Game jam Melbourne pretty much does this. Friday to Sunday, facilities to sleep and shower. Food and drink (with healthy choices) available. Those that were most productive probably were those that went to bed at a reasonable time the first night.


I never try to kill my self at Hackathons. Go to sleep when you are tired and dont eat crap. At some point you are bound to get only diminishing returns, you should know this by now if you are all grown up.


This is how we do things at ZocDoc actually (http://engineering.zocdoc.com/post/19991240421/winter-hackat...) and it really is great. We start thursday evening and finish on sunday, there are definitely late nights but plenty of sleep. The timespan is more than reasonable to finish a project. Definitely the best way to do a hackathon.


That's why over at Berkeley we at Hackers at Berkeley decided to start hosting Hackjams. They're twelve hour events from about 1 PM to 1 AM. We have much less pressure, more emphasis on fun and trying things out and showing what you learned, even if you don't have anything approaching a product (I once showed an awful demonstration of all that I had managed to learn about Three.JS in five hours).


I absolutely agree with the article. Most people don't realize that their productivity will become shitty if you introduce little sleep, bad food and no exercise - so why would you artificially work with exactly these things to finish your product?

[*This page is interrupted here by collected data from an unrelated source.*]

(* Let $N\ge1$ and let $f_0,\alpha,f_2,\dots,f_N$ be differentiable functions of $z$ with $\alpha(z)\in(-1,1)$; set $f_1\equiv0$ and $\hat I(z,\mu)=\sum_{i=0}^N f_i(z)\Phi_i(\mu)$, where $\Phi_i$ is taken with parameter $\alpha(z)$. Then $$\partial_z\hat I-\tilde{\mathcal P}\,\partial_z\hat I=\big(\alpha\,\partial_zf_N-4f_N\,\partial_z\alpha\big)\tilde\Phi_{N+1},$$ and consequently, for $k=0,\dots,N$, $$\int_{-1}^1\mu^{k+1}\big(\partial_z\hat I-\tilde{\mathcal P}\partial_z\hat I\big)\,d\mu=\begin{cases}0,&k<N,\\ \tilde K_{N+1,N+1}\big(\alpha\,\partial_zf_N-4f_N\,\partial_z\alpha\big),&k=N.\end{cases}$$ In particular, for $N=1$ all these quantities vanish.
   Context: For a parameter $\alpha\in(-1,1)$ define on $[-1,1]$ the weights $\omega(\mu)=(1+\alpha\mu)^{-4}$ and $\tilde\omega(\mu)=(1+\alpha\mu)^{-5}$. Let $\{\phi_k\}_{k\ge0}$ (resp. $\{\tilde\phi_k\}_{k\ge0}$) be the monic orthogonal polynomials on $[-1,1]$ with respect to $\omega$ (resp. $\tilde\omega$); their coefficients depend smoothly on $\alpha$. Set $\Phi_k=\omega\phi_k$, $\tilde\Phi_k=\tilde\omega\tilde\phi_k$, $\tilde K_{j,k}=\int_{-1}^1\mu^j\tilde\phi_k\,\tilde\omega\,d\mu$. The operator $\tilde{\mathcal P}$ (at parameter $\alpha$) is the orthogonal projection onto $\mathrm{span}\{\tilde\Phi_0,\dots,\tilde\Phi_N\}$ with respect to the inner product $\langle\Phi,\Psi\rangle=\int_{-1}^1\Phi\Psi/\tilde\omega\,d\mu$, i.e. $\tilde{\mathcal P}g=\sum_{i=0}^N\frac{\int_{-1}^1 g\,\tilde\phi_i\,d\mu}{\tilde K_{i,i}}\tilde\Phi_i$. *)

From Stdlib Require Import Reals ClassicalEpsilon.
Open Scope R_scope.

(* Total Riemann integral on [a,b]: the value of RiemannInt when f is
   Riemann-integrable (unspecified otherwise; all integrands used below are
   continuous on [-1,1]). *)
Definition Rint (f : R -> R) (a b : R) : R :=
  epsilon (inhabits 0%R)
    (fun v => exists pr : Riemann_integrable f a b, RiemannInt pr = v).

Fixpoint sumR (n : nat) (g : nat -> R) : R :=
  match n with
  | O => 0
  | S m => sumR m g + g m
  end.

Definition omega  (a mu : R) : R := / (1 + a * mu) ^ 4.
Definition omegat (a mu : R) : R := / (1 + a * mu) ^ 5.

Definition mpoly (c : nat -> nat -> R -> R) (k : nat) (a mu : R) : R :=
  mu ^ k + sumR k (fun j => c k j a * mu ^ j).

Definition is_MOP (w : R -> R -> R) (c : nat -> nat -> R -> R) : Prop :=
  forall a, -1 < a < 1 -> forall k j : nat, (j < k)%nat ->
    Rint (fun mu => mu ^ j * mpoly c k a mu * w a mu) (-1) 1 = 0.

Definition Phi  (c : nat -> nat -> R -> R) (a : R) (k : nat) (mu : R) : R :=
  omega a mu * mpoly c k a mu.
Definition Phit (ct : nat -> nat -> R -> R) (a : R) (k : nat) (mu : R) : R :=
  omegat a mu * mpoly ct k a mu.

Definition Kt (ct : nat -> nat -> R -> R) (a : R) (j k : nat) : R :=
  Rint (fun mu => mu ^ j * mpoly ct k a mu * omegat a mu) (-1) 1.

Definition Ptilde (ct : nat -> nat -> R -> R) (N : nat) (a : R)
    (g : R -> R) (mu : R) : R :=
  sumR (S N) (fun i =>
    Rint (fun nu => g nu * mpoly ct i a nu) (-1) 1 / Kt ct a i i * Phit ct a i mu).

Definition Ihat (c : nat -> nat -> R -> R) (N : nat) (f : nat -> R -> R)
    (alpha : R -> R) (z mu : R) : R :=
  sumR (S N) (fun i => f i z * Phi c (alpha z) i mu).

Definition is_dz_Ihat (c : nat -> nat -> R -> R) (N : nat) (f : nat -> R -> R)
    (alpha : R -> R) (dI : R -> R -> R) : Prop :=
  forall z mu, -1 <= mu <= 1 ->
    derivable_pt_lim (fun z' => Ihat c N f alpha z' mu) z (dI z mu).

From Stdlib Require Import Reals Lra Lia ClassicalEpsilon Classical.
From Coquelicot Require Import Coquelicot.
Open Scope R_scope.

(* Since omega = (1 + alpha mu) omegat and the z-derivative of a monic phi_k only
   involves its lower coefficients, d_z Ihat = omegat B with B a polynomial in mu of
   degree <= N + 1 whose mu^(N+1) coefficient is coef = alpha f_N' - 4 f_N alpha'
   (from (1 + alpha mu) phi_N and d_z omega = -4 mu alpha' omegat).  Write
   B = s + coef phit_(N+1) with deg s <= N.  Since the norms Kt_(i,i) are positive,
   the projection reproduces omegat s (its expansion in the orthogonal basis
   phit_0, ..., phit_N) and annihilates omegat phit_(N+1), which is orthogonal to all
   polynomials of degree <= N; so the residual is coef Phit_(N+1), and its moments are
   coef Kt_(k+1,N+1).  For N = 1, f_1 = 0 forces coef = 0. *)

Lemma sumR_ext n g h :
  (forall j, (j < n)%nat -> g j = h j) -> sumR n g = sumR n h.
Proof.
induction n as [|n IH]; intros E; cbn [sumR]; [reflexivity|].
rewrite IH, E by (intros; try apply E; lia); reflexivity.
Qed.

48 or 72 hours total time spent developing an application should be ample time to have something bootstrapped. I don't mean 3 days, I mean total time working on a project.

I've found that if I go over the 72 hour mark, I begin to lose interest


Lean Startup Machine takes the three-day approach and it works extremely well.

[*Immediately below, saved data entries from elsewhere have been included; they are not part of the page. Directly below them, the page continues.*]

Lemma eventually0_ltraj n m (sigma : trajectory k n m) :
  eventually0 sigma <-> exists U V, sigma = ltraj U V.
Proof.
split=> [[t zero] | [U [V ->]]].
  have lau j : laurent (fun i => (sigma i).1 0 j) by exists t => i lti; rewrite zero // mxE.
  have lav j : laurent (fun i => (sigma i).2 0 j) by exists t => i lti; rewrite zero // mxE.
  exists (\row_j LSeries (lau j)), (\row_j LSeries (lav j)); apply/funext => i.
  by rewrite ltrajE [LHS]surjective_pairing; congr pair; apply/rowP => j; rewrite !mxE.
have [[tU U0] [tV V0]] := (coef_row_eventually0 U, coef_row_eventually0 V).
exists (Num.min tU tV) => i; rewrite lt_min => /andP[ltU ltV].
by rewrite ltrajE U0 ?V0.
Qed.

Definition ltraj_image n m (R : rel_mx L n m) (P : trajectory k n m -> Prop) :=
  forall sigma, P sigma <-> exists U V, R U V /\ sigma = ltraj U V.

Lemma ltraj_image_eventually0 n m (R : rel_mx L n m) (Q : trajectory k n m -> Prop) :
  (forall U V, R U V <-> Q (ltraj U V)) ->
  ltraj_image R (fun sigma => eventually0 sigma /\ Q sigma).
Proof.
move=> RQ sigma; split=> [[/eventually0_ltraj [U [V ->]] /RQ RUV] | [U [V [/RQ QUV ->]]]].
  by exists U, V.
by split => //; apply/eventually0_ltraj; exists U, V.
Qed.

Lemma ltraj_image_flip S (s0 : S) n m stp (R : rel_mx L n m) :
  ltraj_image R (runs s0 stp) -> ltraj_image (rel_flip R) (runs s0 (flip_step stp)).
Proof.
move=> img sigma; have flipK : flip_traj (flip_traj sigma) = sigma.
  by apply/funext => i; rewrite /flip_traj -surjective_pairing.
have := runs_flip s0 stp (flip_traj sigma); rewrite flipK => ->.
rewrite img; split=> [[U [V [RUV eq_sigma]]] | [V [U [RUV ->]]]]; last by exists U, V.
by exists V, U; rewrite -flipK eq_sigma.
Qed.

Lemma ltraj_image_kgraph S (s0 : S) n m stp (M : 'M[k]_(n, m)) (c : 'rV[k]_m) :
  (forall i s u v s', stp i s u v s' <-> v = u *m M + one_at k i *: c) ->
  ltraj_image (kgraph M c) (runs s0 stp).
Proof.
move=> stpP sigma.
have idle i : i < 0 -> (0 : 'rV_m) = 0 *m M + one_at k i *: c.
  by move=> lti0; rewrite one_at_lt0 // scale0r mul0mx addr0.
rewrite (runs_stateless s0 sigma stpP idle).
apply: (ltraj_image_eventually0
  (Q := fun sigma => forall i, (sigma i).2 = (sigma i).1 *m M + one_at k i *: c)).
exact: kgraph_coef_row.
Qed.

Lemma ltraj_image_delay : ltraj_image ldelay (runs 0 (@delay_step k)).
Proof.
move=> sigma; rewrite runs_delay.
apply: (ltraj_image_eventually0 (Q := fun sigma => forall i, (sigma i).2 = (sigma (i - 1)).1)).
exact: ldelay_coef_row.
Qed.

End Trajectories.

Section OperationalSeries.
Variable k : fieldType.
Local Notation L := (lseries k).

Lemma coef_row_lsubmx n1 n2 (U : 'rV[L]_(n1 + n2)) i :
  coef_row (lsubmx U) i = lsubmx (coef_row U i).
Proof. by apply/rowP => j; rewrite !mxE. Qed.

Lemma coef_row_rsubmx n1 n2 (U : 'rV[L]_(n1 + n2)) i :
  coef_row (rsubmx U) i = rsubmx (coef_row U i).
Proof. by apply/rowP => j; rewrite !mxE. Qed.

Lemma coef_row_row_mx n1 n2 (U1 : 'rV[L]_n1) (U2 : 'rV[L]_n2) i :
  coef_row (row_mx U1 U2) i = row_mx (coef_row U1 i) (coef_row U2 i).
Proof. by apply/rowP => j; rewrite !mxE; case: splitP => j' _; rewrite mxE. Qed.

Lemma op_sem_runs_image n m (c : circ k n m) (R : rel_mx L n m) :
  ltraj_image R (runs (init c) (fun i => @step k i _ _ c)) -> ltraj_image R (op_sem c).
Proof. by move=> img sigma; rewrite op_semE. Qed.

Lemma ltraj_image_seq n m l (c : circ k n m) (d : circ k m l) R Q :
  ltraj_image R (op_sem c) -> ltraj_image Q (op_sem d) ->
  ltraj_image (rel_seq R Q) (op_sem (CSeq c d)).
Proof.
move=> IHc IHd sigma; rewrite op_sem_seq; split.
  move=> [W [/IHc [U [W1 [RUW1 eq1]]] /IHd [W2 [V [RW2V eq2]]]]].
  have coefW i : W i = coef_row W1 i /\ W i = coef_row W2 i.
    exact: conj (congr1 (fun s => (s i).2) eq1) (congr1 (fun s => (s i).1) eq2).
  have eqW : W1 = W2 by apply: coef_row_inj => i; have [<- <-] := coefW i.
  exists U, V; split; first by exists W1; rewrite {2}eqW.
  apply/funext => i; rewrite ltrajE.
  have e1 : (sigma i).1 = coef_row U i := congr1 (fun s => (s i).1) eq1.
  have e2 : (sigma i).2 = coef_row V i := congr1 (fun s => (s i).2) eq2.
  by rewrite -e1 -e2 -surjective_pairing.
move=> [U [V [[W [RUW QWV]] ->]]]; exists (coef_row W).
by split; [apply/IHc; exists U, W | apply/IHd; exists W, V].
Qed.

Lemma ltraj_image_par n1 m1 n2 m2 (c : circ k n1 m1) (d : circ k n2 m2) R Q :
  ltraj_image R (op_sem c) -> ltraj_image Q (op_sem d) ->
  ltraj_image (rel_par R Q) (op_sem (CPar c d)).
Proof.
move=> IHc IHd sigma; rewrite op_sem_par; split.
  move=> [/IHc [U1 [V1 [R1 eq1]]] /IHd [U2 [V2 [Q2 eq2]]]].
  exists (row_mx U1 U2), (row_mx V1 V2).
  split; first by split; rewrite ?row_mxKl ?row_mxKr.
  apply/funext => i; rewrite ltrajE.
  have [el1 el2] : lsubmx (sigma i).1 = coef_row U1 i /\ lsubmx (sigma i).2 = coef_row V1 i.
    exact: conj (congr1 (fun s => (s i).1) eq1) (congr1 (fun s => (s i).2) eq1).
  have [er1 er2] : rsubmx (sigma i).1 = coef_row U2 i /\ rsubmx (sigma i).2 = coef_row V2 i.
    exact: conj (congr1 (fun s => (s i).1) eq2) (congr1 (fun s => (s i).2) eq2).
  by rewrite !coef_row_row_mx -el1 -er1 -el2 -er2 !hsubmxK -surjective_pairing.
move=> [U [V [[R1 Q2] ->]]]; split.
  apply/IHc; exists (lsubmx U), (lsubmx V); split => //.
  by apply/funext => i; rewrite !ltrajE !coef_row_lsubmx.
apply/IHd; exists (rsubmx U), (rsubmx V); split => //.
by apply/funext => i; rewrite !ltrajE !coef_row_rsubmx.
Qed.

Whenever we (http://brighterplanet.com) sponsor hackathons we always do a "Healthy Hacker" component, with yoga, healthy food, etc. e.g.:

http://numbers.brighterplanet.com/2011/04/12/healthy-hacker-... http://numbers.brighterplanet.com/2012/01/27/cleanweb-hackat...


Do multi-day marathons for runners, swimmers, and other sports athletes go continuously 24-hour or do they have a way to fairly sleep each night? If so, is there anything to be learned by how traditional sports handle this issue?

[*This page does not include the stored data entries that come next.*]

(* Let $n\ge 3$ be odd. For every self-dual code $C$ in $\mathbb{F}_2^{n+1}$, $\{A^{-1}:A\in\mathcal{F}_C\}=\mathcal{F}_C$.
   Context: $\mathbb{F}_2$ is the binary field. A code $C\subseteq\mathbb{F}_2^{n+1}$ is self-dual if $C=C^\perp$ (standard dot product); then $\dim C=m:=\frac{n+1}{2}$. For $\mathbf{y}\in\mathbb{F}_2^{n+1}$, $\underline{\mathbf{y}}\in\mathbb{F}_2^n$ is $\mathbf{y}$ with its last entry deleted; $\mathbf{x}^2:=\mathbf{x}\mathbf{x}^{\top}$. Let $\mathfrak{B}_C$ be the set of bases of $C$, $\mathfrak{B}_C^2$ those bases containing an even number of vectors with last entry $1$. For $\mathcal{B}=\{\mathbf{y}_1,\ldots,\mathbf{y}_m\}\in\mathfrak{B}_C$ put $A'_{\mathcal{B}}=I_n+\sum_{i=1}^m\underline{\mathbf{y}_i}^2$ and $A''_{\mathcal{B}}=I_n+\sum_{i=1}^m\underline{\mathbf{y}_i}^2+(\underline{\mathbf{y}_1}+\cdots+\underline{\mathbf{y}_m})^2$. Define $\mathcal{F}_C=\{A'_{\mathcal{B}}:\mathcal{B}\in\mathfrak{B}_C^2\}\cup\{A''_{\mathcal{B}}:\mathcal{B}\in\mathfrak{B}_C\}$ if $m$ is even, and $\mathcal{F}_C=\{A'_{\mathcal{B}}:\mathcal{B}\in\mathfrak{B}_C^2\}$ if $m$ is odd. (All these matrices are invertible over $\mathbb{F}_2$.) *)

From HB Require Import structures.
From mathcomp Require Import all_boot all_order all_algebra all_fingroup.
Set Implicit Arguments. Unset Strict Implicit. Unset Printing Implicit Defensive.
Import GRing.Theory.
Local Open Scope ring_scope.

Definition under (n : nat) (y : 'rV['F_2]_(n.+1)) : 'rV['F_2]_n :=
  \row_(j < n) y 0 (widen_ord (leqnSn n) j).

(* x^2 := x x^T for x a (column) vector; with row vectors this is x^T x,
   an n x n matrix *)
Definition sqv (n : nat) (x : 'rV['F_2]_n) : 'M['F_2]_n := x^T *m x.

Definition dotv (k : nat) (u v : 'rV['F_2]_k) : 'F_2 := (u *m v^T) 0 0.

Definition self_dual (k : nat) (C : {set 'rV['F_2]_k}) : Prop :=
  0 \in C /\ (forall x y, x \in C -> y \in C -> x + y \in C) /\
  C = [set y | [forall x in C, dotv x y == 0]].

Definition is_basis (m k : nat) (C : {set 'rV['F_2]_k}) (Y : 'M['F_2]_(m, k)) : Prop :=
  row_free Y /\ forall x : 'rV['F_2]_k, (x \in C) = (x <= Y)%MS.

Definition even_last (m n : nat) (Y : 'M['F_2]_(m, n.+1)) : bool :=
  ~~ odd #|[set i | Y i ord_max == 1]|.

Definition Aprime (m n : nat) (Y : 'M['F_2]_(m, n.+1)) : 'M['F_2]_n :=
  1%:M + \sum_(i < m) sqv (under (row i Y)).

Definition Asecond (m n : nat) (Y : 'M['F_2]_(m, n.+1)) : 'M['F_2]_n :=
  1%:M + \sum_(i < m) sqv (under (row i Y)) + sqv (\sum_(i < m) under (row i Y)).

Definition inFC (n : nat) (C : {set 'rV['F_2]_(n.+1)}) (A : 'M['F_2]_n) : Prop :=
  let m := (n.+1)./2 in
  (exists Y : 'M['F_2]_(m, n.+1), [/\ is_basis C Y, even_last Y & A = Aprime Y])
  \/ (~~ odd m /\ exists Y : 'M['F_2]_(m, n.+1), is_basis C Y /\ A = Asecond Y).

From HB Require Import structures.
From mathcomp Require Import all_boot all_order all_algebra all_fingroup.
Local Open Scope ring_scope.
Set Implicit Arguments. Unset Strict Implicit. Unset Printing Implicit Defensive.
Import GRing.Theory.

(* Write a basis of C as the rows of Y = [U | c], with c the last column. Then
   A'_Y = I + U^T U and A''_Y = I + U^T (I + o o^T) U, with o the all-ones
   column, and a change of basis P turns A'_Y into I + U^T (P^T P) U.
   Self-duality says Y Y^T = 0, i.e. U U^T = c c^T over F_2, hence
   (I + U^T M U)(I + U^T N U) = I + U^T (M + N + M c c^T N) U.  For each of the
   possible M one solves M + N + M c c^T N = 0 for N, and then either writes
   N = P^T P for an invertible P such that P c has even weight, or observes
   N = I + o o^T; either way the inverse lies in F_C again.  The identities
   between rank-one matrices x y^T needed for this are verified by expanding
   them and cancelling equal terms in pairs, as we are in characteristic 2. *)

Section ExponentTwo.
Variable V : nmodType.
Hypothesis addvv : forall v : V, v + v = 0.

Lemma sum_even_count_eq0 (I : eqType) (r : seq I) (F : I -> V) :
  all (fun i => ~~ odd (count_mem i r)) r -> \sum_(i <- r) F i = 0.
Proof.
move=> /allP even_r; rewrite -big_undup_iterop_count big1_seq // => i.
rewrite mem_undup => /andP[_ /even_r/even_halfK <-].
by rewrite Monoid.iteropE iter_addr_0 -mul2n mulrnA mulr2n addvv mul0rn.
Qed.

End ExponentTwo.

Ltac atoms S :=
  lazymatch S with
  | ?x + ?r => let l := atoms r in constr:(x :: l)
  | ?x => constr:([:: x])
  end.

Ltac index_of a env :=
  lazymatch env with
  | a :: _ => constr:(0%N)
  | _ :: ?rest => let r := index_of a rest in constr:(r.+1)
  end.

Ltac indices S env :=
  lazymatch S with
  | ?x + ?r => let i := index_of x env in let l := indices r env in constr:(i :: l)
  | ?x => let i := index_of x env in constr:([:: i])
  end.

(* Proves [S = 0] for a right-nested sum [S] in a group of exponent 2: the summands
   are recorded as indices into the list of their syntactically distinct values, and
   it is checked by computation that every index occurs an even number of times. *)
Ltac cancel_pairs addvv :=
  rewrite -?addrA ?addr0 ?add0r;
  lazymatch goal with
  | |- 0 = 0 => reflexivity
  | |- ?S = 0 =>
    let env := atoms S in
    let ks := indices S env in
    transitivity (\sum_(k <- ks) env`_k);
      [by rewrite !big_cons big_nil addr0 | apply: (sum_even_count_eq0 addvv); by vm_compute]
  end.

Lemma trmxD (R : pzSemiRingType) p q (A B : 'M[R]_(p, q)) : (A + B)^T = A^T + B^T.
Proof. exact: linearD. Qed.

Definition sandwich (R : pzRingType) m n (U : 'M[R]_(m, n)) (M : 'M[R]_m) : 'M[R]_n :=
  1%:M + U^T *m M *m U.
Definition twmul (R : pzRingType) m (K M N : 'M[R]_m) : 'M[R]_m := M + N + M *m K *m N.

Lemma sandwichM (R : pzRingType) m n (U : 'M[R]_(m, n)) M N :
  sandwich U M *m sandwich U N = sandwich U (twmul (U *m U^T) M N).
Proof.
rewrite /sandwich /twmul mulmxDl mul1mx !mulmxDr mulmx1 !mulmxDl !mulmxA.
by rewrite -!addrA; congr (_ + _); exact: addrCA.
Qed.

Section RankOne.
Variables (R : comPzRingType) (m : nat).
Implicit Types x y z w : 'cV[R]_m.

Definition outer x y : 'M[R]_m := x *m y^T.
Definition dotc x y : R := (x^T *m y) 0 0.

Lemma dotcC x y : dotc x y = dotc y x.
Proof. by rewrite /dotc -[x^T *m y]trmxK trmx_mul trmxK mxE. Qed.

Lemma trmx_outer x y : (outer x y)^T = outer y x.
Proof. by rewrite /outer trmx_mul trmxK. Qed.

Lemma outerDl x y z : outer (x + y) z = outer x z + outer y z.
Proof. exact: mulmxDl. Qed.

Lemma outerDr x y z : outer z (x + y) = outer z x + outer z y.
Proof. by rewrite /outer trmxD mulmxDr. Qed.

Lemma mul_outer_col x y z : outer x y *m z = dotc y z *: x.
Proof. by rewrite /outer -mulmxA [y^T *m z]mx11_scalar mul_mx_scalar. Qed.

Lemma mul_outer x y z w : outer x y *m outer z w = dotc y z *: outer x w.
Proof. by rewrite {1}/outer mulmxA mul_outer_col scalemxAl. Qed.

Lemma dotcE x y : dotc x y = \sum_i x i 0 * y i 0.
Proof. by rewrite /dotc mxE; apply: eq_bigr => i _; rewrite mxE. Qed.

Lemma dotc_delta t x : dotc (delta_mx t 0) x = x t 0.
Proof.
rewrite dotcE (bigD1 t) //= big1 => [|i /negbTE ti];
  by rewrite !mxE ?eqxx ?ti ?mul1r ?mul0r ?addr0.
Qed.

Lemma dotc_delta_delta t : dotc (delta_mx t 0) (delta_mx t 0 : 'cV[R]_m) = 1.
Proof. by rewrite dotc_delta mxE !eqxx. Qed.

End RankOne.

Lemma mulmx1_invmx (R : comUnitRingType) n (A B : 'M[R]_n) : A *m B = 1%:M -> invmx A = B.
Proof.
move=> AB1; have [Aunit _] := mulmx1_unit AB1.
by rewrite -[invmx A]mulmx1 -AB1 mulmxA mulVmx ?mul1mx.
Qed.

Lemma invmx_sandwich (R : comUnitRingType) m n (U : 'M[R]_(m, n)) c M N :
  U *m U^T = outer c c -> twmul (outer c c) M N = 0 -> invmx (sandwich U M) = sandwich U N.
Proof.
move=> UUt MN0; apply: mulmx1_invmx.
by rewrite sandwichM UUt MN0 /sandwich mulmx0 mul0mx addr0.
Qed.

Ltac expand_outer facts :=
  repeat progress rewrite ?trmxD ?trmx1 ?trmx_outer ?outerDl ?outerDr ?mulmxDl ?mulmxDr
    ?mul1mx ?mulmx1 ?mul_outer ?mul_outer_col ?facts ?scale0r ?scale1r ?mul0mx ?mulmx0
    ?addr0 ?add0r.

Section Char2.
Variables (R : comNzRingType) (m : nat).
Hypothesis R2 : (2 \in [pchar R])%N.
Implicit Types c o e : 'cV[R]_m.

Lemma addmx_xx p q (A : 'M[R]_(p, q)) : A + A = 0.
Proof. by rewrite -mulr2n -scaler_nat (pcharf0 R2) scale0r. Qed.

Lemma addmx_eq0_eq p q (A B : 'M[R]_(p, q)) : A + B = 0 -> A = B.
Proof. by move=> AB0; rewrite -[B]add0r -AB0 -addrA addmx_xx addr0. Qed.

Ltac char2_mx facts :=
  lazymatch goal with |- @eq (matrix _ ?p ?q) _ _ =>
    apply: addmx_eq0_eq; expand_outer facts;
    (* identity matrices reached along different coercion paths must be made
       syntactically equal for [cancel_pairs] *)
    try rewrite -[1%:M]/(1%:M : 'M[R]_m);
    cancel_pairs (@addmx_xx p q)
  end.

Lemma twmul_1 c : dotc c c = 0 -> twmul (outer c c) 1%:M (1%:M + outer c c) = 0.
Proof. by move=> cc; rewrite /twmul; char2_mx cc. Qed.

Lemma twmul_oo_even o c : dotc o o = 0 -> dotc o c = 0 -> dotc c c = 0 ->
  twmul (outer c c) (1%:M + outer o o) (1%:M + outer o o + outer c c) = 0.
Proof.
move=> oo oc cc; have co : dotc c o = 0 by rewrite dotcC.
by rewrite /twmul; char2_mx (oo, oc, co, cc).
Qed.

Lemma twmul_oo_odd o c : dotc o o = 0 -> dotc o c = 1 -> dotc c c = 1 ->
  twmul (outer c c) (1%:M + outer o o) (1%:M + outer o o + outer (c + o) (c + o)) = 0.
Proof.
move=> oo oc cc; have co : dotc c o = 1 by rewrite dotcC.
by rewrite /twmul; char2_mx (oo, oc, co, cc).
Qed.

Lemma gram_factor_cc c e : dotc c c = 0 -> dotc e c = 0 -> dotc e e = 1 ->
  let P := 1%:M + outer c e + outer e c in
  [/\ P^T *m P = 1%:M + outer c c, P *m c = c & P *m (P *m (1%:M + outer c c)) = 1%:M].
Proof.
move=> cc ec ee P; have ce : dotc c e = 0 by rewrite dotcC.
by rewrite /P; split; char2_mx (cc, ec, ce, ee).
Qed.

Lemma gram_factor_oo_cc o c e :
  dotc o o = 0 -> dotc o c = 0 -> dotc c c = 0 ->
  dotc e o = 1 -> dotc e c = 1 -> dotc e e = 1 ->
  let P := 1%:M + outer (o + c) e + outer (c + e) (o + c) in
  [/\ P^T *m P = 1%:M + outer o o + outer c c, P *m c = o & P *m P = 1%:M].
Proof.
move=> oo oc cc eo ec ee P.
have [co oe ce] : [/\ dotc c o = 0, dotc o e = 1 & dotc c e = 1] by rewrite !(dotcC _ e) dotcC.
by rewrite /P; split; char2_mx (oo, oc, co, cc, eo, oe, ec, ce, ee).
Qed.

Lemma gram_factor_oo_co o c : dotc o o = 0 -> dotc o c = 1 -> dotc c c = 1 ->
  let P := 1%:M + outer (c + o) c in
  [/\ P^T *m P = 1%:M + outer o o + outer (c + o) (c + o), P *m c = o & P *m P = 1%:M].
Proof.
move=> oo oc cc P; have co : dotc c o = 1 by rewrite dotcC.
by rewrite /P; split; char2_mx (oo, oc, co, cc).
Qed.

End Char2.

Lemma F2P (x : 'F_2) : x = 0 \/ x = 1.
Proof. by case: x => [[|[|k]] // lt_k2]; [left | right]; apply: val_inj. Qed.

Lemma F2_mulxx (x : 'F_2) : x * x = x.
Proof. by case: (F2P x) => ->; rewrite ?mul0r ?mulr1. Qed.

Lemma F2_natr k : k%:R = (odd k)%:R :> 'F_2.
Proof. by rewrite -modn2 Fp_nat_mod. Qed.

Lemma F2_sum_card (I : finType) (F : I -> 'F_2) : \sum_i F i = #|[set i | F i == 1]|%:R.
Proof.
rewrite -sum1dep_card natr_sum [RHS]big_mkcond; apply: eq_bigr => i _.
by case: (F2P (F i)) => ->.
Qed.

Lemma F2_pchar : (2 \in [pchar 'F_2])%N.
Proof. exact: pchar_Fp. Qed.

I read somewhere that some races take a time snapshot of when the athletes arrive at a sleeping stop and use it to determine when they can resume the next day.


I would recommend taking a look at http://hackdaymanifesto.com

Also as someone who has runs about one community event be it hackday, designjam or barcamp a month I have learned to cater for everyone as best as possible.


If you increase the length of a hackathon (from 1 day to 2, or 2 to 3) then you'll just increase the expected output, people likely won't take it easier.


I agree, especially on the food & drinks and on physical exercise.

That's why hackerspaces are better imho. You don't have to rush an idea to be finished in a weekend.


This isn't rocket science, put explosive fuel in your body and you sprint for about 6 hours, and then you crash and need 5 days to recover. Ignore the warnings and drink these poisons/fuels several times a day and you'll burn yourself out after 3 to 10 months and decide that botany isn't as bad a career path as everyone says. Burn out is your body telling you that the red bulls are killing you.